Wrigley Field Ahead of a Seemingless Meaningless Game, September 2011

Wrigley Field is an old baseball stadium in Chicago’s Lakeview neighborhood. Photo by Dan X. O’Neil

1. Licensed Chicago Contractors, my website that tracks what developers and the city are proposing to build or demolish in your neighborhood, is now called Chicago Cityscape.

2. I’m grateful to Ian Dees who helped me get property tax data for 2009-2013 for over 1.4 million PINs (property identification numbers) in Cook County.
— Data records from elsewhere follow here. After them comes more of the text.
(* Let $R$ be a Dedekind ring with quotient field $K$, let $a\in R$ be square-free such that $f(x)=x^n-a$ is irreducible over $R$, and let $\alpha$ be a root of $f(x)$. If every prime ideal of $R$ that contains $n\cdot 1_K$ also contains $a$, then $R[\alpha]$ is integrally closed (in $K(\alpha)$).
   Context: An element $a$ of a Dedekind ring $R$ is square-free if the principal ideal $aR$ is not divisible by the square of any prime ideal of $R$. *)

From HB Require Import structures.
From mathcomp Require Import all_boot all_order all_algebra all_field.
Set Implicit Arguments. Unset Strict Implicit. Unset Printing Implicit Defensive.
Import GRing.Theory.
Local Open Scope ring_scope.

Section Ideals.
Variable R : idomainType.

Definition is_ideal (I : R -> Prop) : Prop :=
  [/\ I 0, (forall x y, I x -> I y -> I (x + y)) &
      (forall r x, I x -> I (r * x))].

Definition is_prime_ideal (P : R -> Prop) : Prop :=
  [/\ is_ideal P, ~ P 1 & (forall x y, P (x * y) -> P x \/ P y)].

Definition principal_ideal (a : R) : R -> Prop := fun z => exists r, z = a * r.

Definition ideal_mul (I J : R -> Prop) : R -> Prop :=
  fun z => exists s : seq (R * R),
    (forall u, u \in s -> I u.1 /\ J u.2) /\ z = \sum_(u <- s) u.1 * u.2.

Definition ideal_dvd (I A : R -> Prop) : Prop :=
  exists J, is_ideal J /\ forall z, A z <-> ideal_mul I J z.

Definition square_free (a : R) : Prop :=
  forall P, is_prime_ideal P -> ~ ideal_dvd (ideal_mul P P) (principal_ideal a).

Definition noetherian : Prop :=
  forall I : nat -> R -> Prop, (forall k, is_ideal (I k)) ->
    (forall k x, I k x -> I k.+1 x) ->
    exists N, forall k x, (N <= k)%N -> I k x -> I N x.

Definition integrally_closed_domain : Prop :=
  forall x : {fraction R},
    (exists p : {poly R}, p \is monic /\ root (map_poly (@tofrac R) p) x) ->
    exists r : R, x = tofrac r.

Definition nonzero_primes_maximal : Prop :=
  forall P, is_prime_ideal P -> (exists x, P x /\ x != 0) ->
    forall J, is_ideal J -> (forall x, P x -> J x) ->
      J 1 \/ (forall x, J x -> P x).

Definition dedekind : Prop :=
  [/\ noetherian, integrally_closed_domain & nonzero_primes_maximal].

Definition irreducible_over (f : {poly R}) : Prop :=
  [/\ f != 0, f \isn't a GRing.unit &
      forall g h : {poly R}, f = g * h -> g \is a GRing.unit \/ h \is a GRing.unit].
End Ideals.

Definition frac_emb (R : idomainType) (L : fieldExtType {fraction R}) (r : R) : L :=
  (tofrac r)%:A.

Definition adjoin_ring (R : idomainType) (L : fieldExtType {fraction R})
  (alpha : L) : L -> Prop :=
  fun x => exists p : {poly R}, x = (map_poly (@frac_emb R L) p).[alpha].

Definition integral_over (L : fieldType) (S : L -> Prop) (x : L) : Prop :=
  exists p : {poly L}, [/\ p \is monic, (forall i, S p`_i) & root p x].

(* Suppose some z in K(alpha), integral over R, is missing from R[alpha]; by noetherianity
   choose one whose conductor P = {r | r z in R[alpha]} is maximal.  Maximality makes P prime,
   and Euler's lemma (f'(alpha) z in R[alpha], i.e. n a z in R[alpha]) puts n a, hence a, in P.
   Some coordinate of z in the basis 1, alpha, ..., alpha^(n-1) lies in P^-1 but not in R, so
   P is invertible, and as a is square-free there is t outside P with t P in aR.  Writing
   a z = sum_j b_j alpha^j, an Eisenstein-type induction shows that every b_j lies in P:
   t b_j / alpha is integral, so a power of t b_j lies in alpha^n R[alpha] /\ R = aR.  Hence
   t z is in R[alpha], i.e. t lies in P: a contradiction. *)

From HB Require Import structures.
From mathcomp Require Import all_boot all_order all_algebra all_field.
From mathcomp Require Import ring zify.
From Stdlib Require Import Classical ClassicalEpsilon.
Set Implicit Arguments. Unset Strict Implicit. Unset Printing Implicit Defensive.
Import GRing.Theory Pdiv.Ring Pdiv.RingMonic.
Local Open Scope ring_scope.
Local Notation "x %:F" := (@tofrac _ x).

Lemma monic_size_le1 (A : nzRingType) (q : {poly A}) :
  q \is monic -> (size q <= 1)%N -> q = 1.
Proof.
by move=> /monicP + /size1_polyC q_eq; rewrite q_eq lead_coefC => ->.
Qed.

Section QuotientByMonic.
Variables (A : comNzRingType) (g : {poly A}).

Lemma in_qpolyC c : in_qpoly g c%:P = qpolyC g c.
Proof.
apply: val_inj; rewrite /= rmodp_small //.
exact: leq_ltn_trans (size_polyC_leq1 c) (size_mk_monic_gt1 g).
Qed.

Lemma horner_in_qpolyX p : (map_poly (qpolyC g) p).[in_qpoly g 'X] = in_qpoly g p.
Proof.
elim/poly_ind: p => [|p c IH]; first by rewrite !rmorph0 horner0.
by rewrite !rmorphD !rmorphM /= map_polyX map_polyC hornerMXaddC IH in_qpolyC.
Qed.

Lemma root_in_qpolyX : g \is monic -> (1 < size g)%N ->
  root (map_poly (qpolyC g) g) (in_qpoly g 'X).
Proof.
move=> monic_g size_g; apply/eqP; rewrite horner_in_qpolyX; apply: val_inj => /=.
by rewrite /mk_monic size_g monic_g rmodpp.
Qed.

Lemma qpolyC_inj : injective (qpolyC g).
Proof. by move=> b c /(congr1 val) /= /polyC_inj. Qed.

End QuotientByMonic.

Lemma monic_splitting_ring (A : comNzRingType) (g : {poly A}) : g \is monic ->
  exists (B : comNzRingType) (j : {rmorphism A -> B}), injective j /\
    exists rs : seq B, map_poly j g = \prod_(r <- rs) ('X - r%:P).
Proof.
have [n] := ubnP (size g); elim: n A g => // n IH A g size_g monic_g.
have [size_g_le1 | size_g_gt1] := leqP (size g) 1.
  exists A, idfun; split => //; exists [::].
  by rewrite big_nil map_poly_id // (monic_size_le1 monic_g).
have /factor_theorem[q g_eq] := root_in_qpolyX monic_g size_g_gt1.
have monic_q : q \is monic.
  by rewrite -(monicMr q (monicXsubC (in_qpoly g 'X))) -g_eq monic_map.
have size_q : (size q < n)%N.
  move: size_g; rewrite -(size_map_inj_poly (@qpolyC_inj _ g) (rmorph0 _) g) g_eq.
  by rewrite size_Mmonic ?monic_neq0 ?monicXsubC // size_XsubC addn2.
have [B [j [inj_j [rs q_eq]]]] := IH _ q size_q monic_q.
exists B, (j \o qpolyC g); split; first exact: inj_comp inj_j (@qpolyC_inj _ g).
exists (j (in_qpoly g 'X) :: rs).
by rewrite big_cons map_poly_comp g_eq rmorphM /= q_eq map_polyXsubC mulrC.
Qed.

Section IntegralCoefs.
Variables (R B : comNzRingType) (phi : {rmorphism R -> B}).

Lemma integral_sum (I : Type) (r : seq I) (F : I -> B) :
  (forall i, integralOver phi (F i)) -> integralOver phi (\sum_(i <- r) F i).
Proof. by move=> intF; apply: big_ind => //; [apply: integral0 | apply: integral_add]. Qed.

Lemma integral_expr x k : integralOver phi x -> integralOver phi (x ^+ k).
Proof.
move=> int_x; elim: k => [|k IH]; first by rewrite expr0; apply: integral1.
by rewrite exprS; apply: integral_mul.
Qed.

Lemma integral_coefM (p q : {poly B}) :
    (forall i, integralOver phi p`_i) -> (forall i, integralOver phi q`_i) ->
  forall i, integralOver phi (p * q)`_i.
Proof.
by move=> int_p int_q i; rewrite coefM; apply: integral_sum => k; apply: integral_mul.
Qed.

Lemma integral_coef_XsubC r i :
  integralOver phi r -> integralOver phi ('X - r%:P)`_i.
Proof.
move=> int_r; rewrite coefB coefX coefC; apply: integral_sub; first exact: integral_nat.
by case: (i == 0)%N => //; apply: integral0.
Qed.

Lemma integral_coef_prod_XsubC (rs : seq B) i :
  {in rs, forall r, integralOver phi r} ->
  integralOver phi (\prod_(r <- rs) ('X - r%:P))`_i.
Proof.
elim: rs i => [|r rs IH] i int_rs.
  by rewrite big_nil coefC; case: ifP => _; [apply: integral1 | apply: integral0].
rewrite big_cons; apply: integral_coefM => k.
  by apply: integral_coef_XsubC; apply: int_rs; rewrite mem_head.
by apply: IH => x rs_x; apply: int_rs; rewrite inE rs_x orbT.
Qed.

End IntegralCoefs.

Section FractionField.
Variable R : idomainType.
Local Notation K := {fraction R}.

Lemma tofrac_inj : injective (@tofrac R).
Proof. by move=> x y /eqP; rewrite tofrac_eq => /eqP. Qed.

Lemma poly_tofrac_lift (g : {poly K}) : (forall i, exists r, g`_i = r%:F) ->
  exists gR : {poly R}, g = map_poly (@tofrac R) gR.
Proof.
elim/poly_ind: g => [|p c IH] coef_g; first by exists 0; rewrite rmorph0.
have [|pR ->] := IH.
  by move=> i; have [r] := coef_g i.+1; rewrite -cons_poly_def coef_cons /=; exists r.
have [cR] := coef_g 0%N; rewrite -cons_poly_def coef_cons /= => ->.
by exists (pR * 'X + cR%:P); rewrite rmorphD rmorphM /= map_polyX map_polyC.
Qed.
I’m going through various parts of the property tax data and figuring out how to integrate it with Chicago Cityscape. The first time Ian got the data I found out I didn’t tell him to get the right PINs. I think I’ve fixed that now.
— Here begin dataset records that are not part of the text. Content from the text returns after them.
(* A term below u^D either is absorbed by 1 or has its exponent pinned to a
   window of length D + 2c by the bounds on s`_i. *)
Lemma one_add_term_mem (D : nat) (i : 'I_(size s)) (z : zmax) : f z * s`_i ⪯ upow D ->
  1 + f z * s`_i \in
    1 :: [seq 1 + upow (j%:Z - c%:Z) * s`_i | j <- iota 0 (D + c + c).+1].
Proof.
rewrite in_cons; case: z => [|k] le_D; first by rewrite raddf0 mul0r addr0 eqxx.
have [->|si0] := eqVneq s`_i 0; first by rewrite mulr0 addr0 eqxx.
have /andP[lo hi] := s_within si0.
rewrite -/(upow k) in le_D *.
have [k_le|k_gt] := lerP k (- c%:Z).
  rewrite addrC; suff /natleP -> : upow k * s`_i ⪯ 1 by rewrite eqxx.
  by apply: natle_trans (natleM2l _ hi) _; rewrite upowD -upow0 natle_upow; lia.
have : k - c%:Z <= D%:Z.
  rewrite -natle_upow; apply: natle_trans le_D.
  by have := natleM2l (upow k) lo; rewrite upowD add0r.
move=> kc_le; apply/orP; right; apply/mapP; exists (absz (k + c%:Z)).
  by rewrite mem_iota; lia.
by rewrite /upow; congr (1 + f (zmax_fin _) * _); lia.
Qed.

Lemma interval_finite (D : nat) :
  exists C : seq L, forall y, 1 ⪯ y -> y ⪯ upow D -> y \in C.
Proof.
suff /(_ (index_enum _))[C HC] : forall r : seq 'I_(size s), exists C : seq L,
    forall a : 'I_(size s) -> zmax, \sum_(i <- r) f (a i) * s`_i ⪯ upow D ->
    1 + \sum_(i <- r) f (a i) * s`_i \in C.
  exists C => y y_ge1 le_D; have [a ya] := s_gen y.
  by move: y_ge1 le_D; rewrite ya => /natleP {2}<- /HC.
elim=> [|i r [C HC]]; first by exists [:: 1] => a _; rewrite big_nil addr0 mem_head.
exists [seq x + z | x <- 1 :: [seq 1 + upow (j%:Z - c%:Z) * s`_i
                                  | j <- iota 0 (D + c + c).+1], z <- C].
move=> a; rewrite big_cons -{1}(L_addxx 1) addrACA => le_D.
apply: allpairs_f; [apply: one_add_term_mem | apply: HC];
  apply: natle_trans _ le_D; [exact: (natle_addl L_addxx) | exact: (natle_addr L_addxx)].
Qed.

(* If 1 ⪯ x fails, so does 1 ⪯ x^N for N > 0; hence x^N, being within c of
   some u^k, lies below u^(2c), and so do all powers (x + 1)^N = x^N + 1. *)
Lemma natle_cmp1 (x : L) : x != 0 -> (1 ⪯ x) || (x ⪯ 1).
Proof.
move=> x0; case x_ge1 : (1 ⪯ x) => //=; apply/natleP.
have [C HC] := interval_finite (c + c).
apply: (sf_expr_bounded_eq1 L_sf L_addxx (C := C) (natle_addr L_addxx x 1)) => N _.
rewrite (expr_addr1 L_sf L_addxx N x0); apply: HC; first exact: (natle_addr L_addxx).
have u2c_ge1 : 1 ⪯ upow (c + c)%N by rewrite -upow0 natle_upow.
apply: (natle_join _ u2c_ge1); case: N => [|N]; first by rewrite expr0.
have [k /andP[lo hi]] := exists_within (sf_expf_neq0 L_sf N.+1 x0).
apply: natle_trans hi _; rewrite natle_upow.
have [kc_lt|kc_ge] := ltrP (k - c%:Z) 0; first by lia.
suff : 1 ⪯ x by rewrite x_ge1.
by apply: (sf_expr_ge1 L_sf L_addxx x0); apply: natle_trans lo; rewrite -upow0 natle_upow.
Qed.

Lemma natle_total : total (@natle L).
Proof. exact: sf_natle_total L_sf natle_cmp1. Qed.

Lemma upow1_neq1 : upow 1 != 1.
Proof. by rewrite -upow0; apply/eqP => /f_inj[]. Qed.

Lemma exists_least_gt1 : exists b : L, [/\ 1 ⪯ b, b != 1, b ⪯ upow 1 &
  forall z, 1 ⪯ z -> z ⪯ upow 1 -> z != 1 -> b ⪯ z].
Proof.
have [C HC] := interval_finite 1.
pose P z := [&& 1 ⪯ z, z != 1 & z ⪯ upow 1].
have mem_t z : P z -> z \in [seq z <- sort (@natle L) C | P z].
  by move=> Pz; rewrite mem_filter Pz mem_sort; case/and3P: Pz => z_ge1 _; apply: HC.
have Pu : P (upow 1) by rewrite /P -{1}upow0 natle_upow upow1_neq1 (natle_refl L_addxx).
move: (mem_t _ Pu); case Ht: [seq z <- _ | _] => [//|b t] _.
have sorted_bt : sorted (@natle L) (b :: t).
  by rewrite -Ht sorted_filter ?sort_sorted //; [exact: natle_trans | exact: natle_total].
have : b \in b :: t := mem_head b t.
rewrite -Ht mem_filter => /andP[/and3P[b_ge1 b_neq1 b_le_u] _].
exists b; split => // z z_ge1 z_le_u z_neq1.
have : z \in b :: t by rewrite -Ht mem_t // /P z_ge1 z_neq1.
rewrite in_cons => /predU1P[->|z_in]; first exact: (natle_refl L_addxx).
by move/allP: (order_path_min (@natle_trans L) sorted_bt); apply.
Qed.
As part of this process I’m checking properties somewhat randomly, based on the permits I’m browsing. I most recently viewed a Wrigley Field building permit at 1060 W Addison Street – for a Zac Brown concert – so I searched its PIN and how much the property is “worth”. Here goes:

Year Amount Billed Assessed Value
2013 $1,517,665.09 $8,049,996
2012 1,498,971.03 8,049,996
2011 1,493,002.47 8,865,636
2010 1,489,160.89 8,865,636
2009 1,360,673.45 10,613,423

Notice how the assessed value dropped over $2 million from 2009 to 2010. And even though it had three unique assessed values, the annually changing tax rate adjusted the amount billed. You can see this information on the Cook County Property Info portal.